Lemma det_principal_mx k n (g : 'I_k -> 'I_n) (B : 'M[R]_n) : injective g ->
  \det (principal_mx (g @: [set: 'I_k]) B) = \det (mxsub g g B).
Proof.
move=> g_inj; set T := g @: [set: 'I_k].
have gT i : g i \in T by rewrite imset_f ?inE.
pose pi (x : 'I_(k + #|~: T|)) : 'I_n :=
  match split x with inl i => g i | inr j => enum_val j end.
have pi_inj : injective pi.
  move=> x y; rewrite /pi -[x]splitK -[y]splitK.
  case: (split x) => [i|i]; case: (split y) => [j|j]; rewrite !unsplitK.
  - by move/g_inj => ->.
  - by move=> gij; have := enum_valP j; rewrite -gij inE gT.
  - by move=> gij; have := enum_valP i; rewrite gij inE gT.
  - by move/enum_val_inj => ->.
have card_kTC : (k + #|~: T|)%N = n.
  by have := cardsC T; rewrite card_ord /T card_imset // cardsT card_ord.
rewrite -(det_mxsub_bij (principal_mx T B) card_kTC pi_inj).
have -> : mxsub pi pi (principal_mx T B) =
    block_mx (mxsub g g B) (\matrix_(i, j) B (g i) (enum_val j)) 0 1%:M.
  have split_l i : split (lshift #|~: T| i) = inl i := unsplitK (inl _ i).
  have split_r j : split (rshift k j) = inr j := unsplitK (inr _ j).
  apply/matrixP => x y; rewrite -[x]splitK -[y]splitK.
  case: (split x) => i; case: (split y) => j;
    rewrite /= ?block_mxEul ?block_mxEur ?block_mxEdl ?block_mxEdr !mxE /pi
      ?split_l ?split_r ?gT //.
  - have := enum_valP i; rewrite inE => /negbTE ->.
    by case: eqP => // gji; have := enum_valP i; rewrite gji inE gT.
  - have := enum_valP i; rewrite inE => /negbTE ->.
    by rewrite (inj_eq enum_val_inj).
by rewrite (@det_ublock R) det1 mulr1.
Qed.

End PrincipalMinors.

**Exercise**:
Say how many lines of the material hold the string "case". Nothing else should be written.

**Reply**:
3